Collected data entries

Definition Hdual (eps : R) (p : 'I_K -> T -> bool -> R) (l1 l2 : 'I_K -> R) : R :=
  cond_exp_max p l1 l2 true + cond_exp_max p l1 l2 false
  + eps * \sum_(k < K) (l1 k + l2 k).

Definition continuity_assumption (p : 'I_K -> T -> bool -> R) : Prop :=
  forall (k j : 'I_K) (s : bool), k <> j ->
    continuous (fun t : R =>
      fine (P [set w | p k (X w) (S w) - p j (X w) (S w) <= t /\ S w = s])
      / piS s).

End FairDefs.

(* Write c = l1 - l2 and score_c(k, x, s) = pi_s p_k(x, s) - s c_k.  The
   definition of p as a conditional probability yields two identities:
(1)  fair_risk g = 1 - sum_s E[score_c(g(X,s), X, s); S = s] / pi_s - eps sum_k (l1_k + l2_k),
(2)  H(l1, l2)   = sum_s E[max_k score_c(k, X, s); S = s] / pi_s + eps sum_k (l1_k + l2_k).
   Hence fair_risk g >= 1 - H(l1, l2) for every g (weak duality), with
   equality for every classifier picking a maximal score.  By the continuity
   assumption, near-ties between scores have vanishing probability, which
   gives one-sided derivatives of H in each coordinate; at a minimiser of H
   they yield the KKT conditions: the canonical argmax classifier is eps-fair
   and complementary slackness holds, so its risk is 1 - H, the optimal
   eps-fair risk.  The same tie estimates show that any classifier attaining
   the dual bound predicts each class with the canonical probabilities, hence
   has the same disparities D_k. *)

From Pilot Require Import Defs.
From HB Require Import structures.
From mathcomp Require Import all_boot all_order all_algebra.
From mathcomp Require Import all_classical all_reals all_analysis.
From mathcomp Require Import ring lra.
Import Order.TTheory GRing.Theory Num.Theory.
Import numFieldNormedType.Exports.
Local Open Scope classical_set_scope.
Local Open Scope ring_scope.
Set Implicit Arguments. Unset Strict Implicit. Unset Printing Implicit Defensive.

Lemma in_bigsetU (U : Type) (I : eqType) (r : seq I) (A : I -> set U) x :
  (\big[setU/set0]_(j <- r) A j) x <-> (exists2 j, j \in r & A j x).
Proof.
elim: r => [|a r IH]; first by rewrite big_nil; split => // -[].
rewrite big_cons; split.
  move=> [Ha|/IH [j jr Hj]]; first by exists a; rewrite ?inE ?eqxx.
  by exists j; rewrite // inE jr orbT.
move=> [j]; rewrite inE => /orP[/eqP->|jr Hj]; first by left.
by right; apply/IH; exists j.
Qed.

Lemma in_bigsetI (U : Type) (I : eqType) (r : seq I) (A : I -> set U) x :
  (\big[setI/setT]_(j <- r) A j) x <-> (forall j, j \in r -> A j x).
Proof.
elim: r => [|a r IH]; first by rewrite big_nil.
rewrite big_cons; split.
  by move=> [Ha /IH H] j; rewrite inE => /orP[/eqP->|/H].
move=> H; split; first by apply: H; rewrite inE eqxx.
by apply/IH => j jr; apply: H; rewrite inE jr orbT.
Qed.

Lemma measurable_bool d (U : measurableType d) (f : U -> bool) :
  measurable_fun setT f -> measurable [set x | f x].
Proof. by move=> mf; rewrite -[X in measurable X]setTI; apply: mf. Qed.

Lemma measurable_forall d (U : measurableType d) (K : nat) (A : 'I_K -> set U) :
  (forall j, measurable (A j)) -> measurable [set x | forall j, A j x].
Proof.
move=> mA; have -> : [set x | forall j, A j x] = \big[setI/setT]_(j < K) A j.
  apply/seteqP; split => x /=; first by move=> H; apply/in_bigsetI => j _; apply: H.
  by move/in_bigsetI => H j; apply: H; rewrite mem_index_enum.
exact: bigsetI_measurable.
Qed.

Lemma eq_of_le_sum (R : numDomainType) (I : finType) (F G : I -> R) :
  (forall k, F k <= G k) -> \sum_k F k = \sum_k G k -> forall k, F k = G k.
Proof.
move=> FG Hs k; apply/eqP; rewrite eq_sym -subr_eq0; apply/eqP.
have H0 : \sum_k (G k - F k) = 0 by rewrite sumrB Hs subrr.
by apply: (psumr_eq0P _ H0) => // i _; rewrite subr_ge0.
Qed.

Lemma ge0_up_to_eps (R : realFieldType) (x C : R) :
  0 <= C -> (forall e, 0 < e -> 0 <= x + C * e) -> 0 <= x.
Proof.
move=> C0 H; rewrite leNgt; apply/negP => x0.
have C1 : 0 < C + 1 by rewrite ltr_wpDl.
have e0 : 0 < - x / (C + 1) by rewrite divr_gt0 // oppr_gt0.
have : C * (- x / (C + 1)) < - x.
  by rewrite mulrA ltr_pdivrMr // mulrDr mulr1 mulrC ltrDl oppr_gt0.
have := H _ e0; lra.
Qed.

(* The maximum of a finite family of reals and its first (smallest-index)
   maximiser; breaking ties by index makes the maximiser a measurable
   function of the family. *)
Section FirstArgmax.
Variables (R : realDomainType) (K : nat) (k0 : 'I_K).
Implicit Types (f : 'I_K -> R).

Definition fmax f : R := \big[Order.max/f k0]_(j < K) f j.

Lemma le_fmax f j : f j <= fmax f.
Proof. exact: (le_bigmax _ f). Qed.

Lemma fmax_le f m : (forall j, f j <= m) -> fmax f <= m.
Proof. by move=> H; apply: bigmax_le => // j _; apply: H. Qed.

Lemma fmax_attained f : exists j, fmax f = f j.
Proof.
rewrite /fmax; apply: (big_ind (fun v => exists j, v = f j)).
- by exists k0.
- by move=> a b [i ->] [j ->]; rewrite /Order.max; case: ifP => _; [exists j|exists i].
- by move=> j _; exists j.
Qed.

Definition is_first_argmax f (k : 'I_K) : bool :=
  [forall j, f j <= f k] && [forall j : 'I_K, (j < k)%N ==> (f j < f k)].

Definition first_argmax f : 'I_K := odflt k0 [pick k | is_first_argmax f k].

Lemma first_argmax_exists f : exists k, is_first_argmax f k.
Proof.
have [jm Hjm] := fmax_attained f.
have Pjm : [forall j, f j <= f jm] by apply/forallP => j; rewrite -Hjm le_fmax.
case: (@arg_minnP _ jm (fun i => [forall j, f j <= f i]) (fun i : 'I_K => i : nat) Pjm).
move=> i Pi Hmin; exists i; rewrite /is_first_argmax Pi /=.
apply/forallP => j; apply/implyP => ji.
have /forallP /(_ j) Pij := Pi.
rewrite lt_neqAle Pij andbT; apply/negP => /eqP Heq.
have : [forall l, f l <= f j] by apply/forallP => l; move/forallP: Pi => /(_ l); rewrite Heq.
by move=> /Hmin; rewrite leqNgt ji.
Qed.

Lemma first_argmaxP f : is_first_argmax f (first_argmax f).
Proof.
rewrite /first_argmax; case: pickP => //= H; have [k Hk] := first_argmax_exists f.
by move: (H k); rewrite Hk.
Qed.

Lemma first_argmax_uniq f k k' :
  is_first_argmax f k -> is_first_argmax f k' -> k = k'.
Proof.
move=> /andP[/forallP A1 /forallP B1] /andP[/forallP A2 /forallP B2].
apply/val_inj => /=; case: (ltngtP k k') => // H.
- by move: (B2 k); rewrite H /= => /lt_le_trans /(_ (A1 k')); rewrite ltxx.
- by move: (B1 k'); rewrite H /= => /lt_le_trans /(_ (A2 k)); rewrite ltxx.
Qed.

Lemma first_argmax_eq f k : (first_argmax f == k) = is_first_argmax f k.
Proof.
apply/eqP/idP => [<-|H]; first exact: first_argmaxP.
exact: first_argmax_uniq (first_argmaxP f) H.
Qed.

Lemma le_first_argmax f j : f j <= f (first_argmax f).
Proof. by have /andP[/forallP H _] := first_argmaxP f; apply: H. Qed.

Lemma fmax_first_argmax f : fmax f = f (first_argmax f).
Proof.
by apply/eqP; rewrite eq_le le_fmax andbT; apply: fmax_le => j; exact: le_first_argmax.
Qed.

End FirstArgmax.

Section MeasurableArgmax.
Variables (d : measure_display) (T : measurableType d) (R : realType) (K : nat)
  (k0 : 'I_K) (F : 'I_K -> T -> R).
Hypothesis mF : forall j, measurable_fun setT (F j).

Lemma measurable_fmax : measurable_fun setT (fun x => fmax k0 (F^~ x)).
Proof.
suff H r : measurable_fun setT (fun x => \big[Order.max/F k0 x]_(j <- r) F j x).
  exact: H.
elim: r => [|j r IH]; first by under eq_fun do rewrite big_nil; exact: mF.
under eq_fun do rewrite big_cons.
exact: measurable_realfun.measurable_maxr.
Qed.

Lemma measurable_first_argmax k : measurable [set x | first_argmax k0 (F^~ x) = k].
Proof.
have -> : [set x | first_argmax k0 (F^~ x) = k] =
    [set x | forall j, F j x <= F k x] `&`
    [set x | forall j : 'I_K, [set x | (j < k)%N -> F j x < F k x] x].
  apply/seteqP; split => x /=.
  - move/eqP; rewrite first_argmax_eq => /andP[/forallP H1 /forallP H2]; split => // j.
    by move=> jk; have := H2 j; rewrite jk.
  - move=> [H1 H2]; apply/eqP; rewrite first_argmax_eq; apply/andP; split.
      by apply/forallP.
    by apply/forallP => j; apply/implyP; apply: H2.
apply: measurableI; apply: measurable_forall => j.
  by apply: measurable_bool; apply: measurable_realfun.measurable_fun_ler.
case: (ltnP j k) => jk.
  rewrite (_ : [set _ | _] = [set x | F j x < F k x]).
    by apply: measurable_bool; apply: measurable_realfun.measurable_fun_ltr.
  by apply/seteqP; split => x /=; [apply|move=> H _].
rewrite (_ : [set _ | _] = [set: T]); first exact: measurableT.
by apply/seteqP; split => // x _ /=; rewrite ltnNge jk.
Qed.

End MeasurableArgmax.

Section RealProbability.
Variables (R : realType) (d : measure_display) (Om : measurableType d)
  (P : probability Om R).

Definition Pr (A : set Om) : R := fine (P A).

Lemma PrE A : measurable A -> P A = (Pr A)%:E.
Proof. by move=> mA; rewrite /Pr fineK// fin_num_measure. Qed.

Lemma Pr_ge0 A : 0 <= Pr A.
Proof. by rewrite /Pr fine_ge0. Qed.

Lemma PrT : Pr setT = 1.
Proof. by rewrite /Pr probability_setT. Qed.

Lemma Pr_mono A B : measurable A -> measurable B -> A `<=` B -> Pr A <= Pr B.
Proof.
move=> mA mB AB; rewrite -lee_fin -!PrE//; apply: le_measure => //; rewrite inE//.
Qed.

Lemma Pr_setU A B : measurable A -> measurable B -> A `&` B = set0 ->
  Pr (A `|` B) = Pr A + Pr B.
Proof.
move=> mA mB AB; apply: EFin_inj; rewrite EFinD -!PrE ?measureU//; exact: measurableU.
Qed.

Lemma Pr_setU_le A B : measurable A -> measurable B -> Pr (A `|` B) <= Pr A + Pr B.
Proof.
by move=> mA mB; rewrite -lee_fin EFinD -!PrE //; [apply: measureU2|exact: measurableU].
Qed.

Lemma Pr_splitD A C : measurable A -> measurable C ->
  Pr A = Pr (A `&` C) + Pr (A `\` C).
Proof.
move=> mA mC; rewrite -Pr_setU; [|exact: measurableI|exact: measurableD|].
  by rewrite setUIDK.
by rewrite setDE setIACA setICr setI0.
Qed.

Lemma Pr_bigsetU_le (I : eqType) (r : seq I) (F : I -> set Om) :
  (forall i, measurable (F i)) ->
  Pr (\big[setU/set0]_(i <- r) F i) <= \sum_(i <- r) Pr (F i).
Proof.
move=> mF; elim: r => [|a r IH]; first by rewrite !big_nil /Pr measure0.
rewrite !big_cons; apply: le_trans (Pr_setU_le _ _) _ => //.
  exact: bigsetU_measurable.
by rewrite lerD2l.
Qed.

Lemma bounded_integrable (f : Om -> R) M :
  measurable_fun setT f -> (forall w, `|f w| <= M) ->
  forall D, measurable D -> P.-integrable D (EFin \o f).
Proof.
move=> mf fM D mD; apply: measurable_bounded_integrable => //.
- by rewrite -ge0_fin_numE// fin_num_measure.
- exact: measurable_funS mf.
rewrite /bounded_near; near=> N => w _ /=.
apply: le_trans (fM w) _; near: N; exact: nbhs_pinfty_ge (num_real _).
Unshelve. all: end_near. Qed.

#### [YOUR OBJECTIVE]
Each line in the data that holds the string "same" must be returned.

#### [SOLUTION]
   eps-fair risk.  The same tie estimates show that any classifier attaining
   has the same disparities D_k. *)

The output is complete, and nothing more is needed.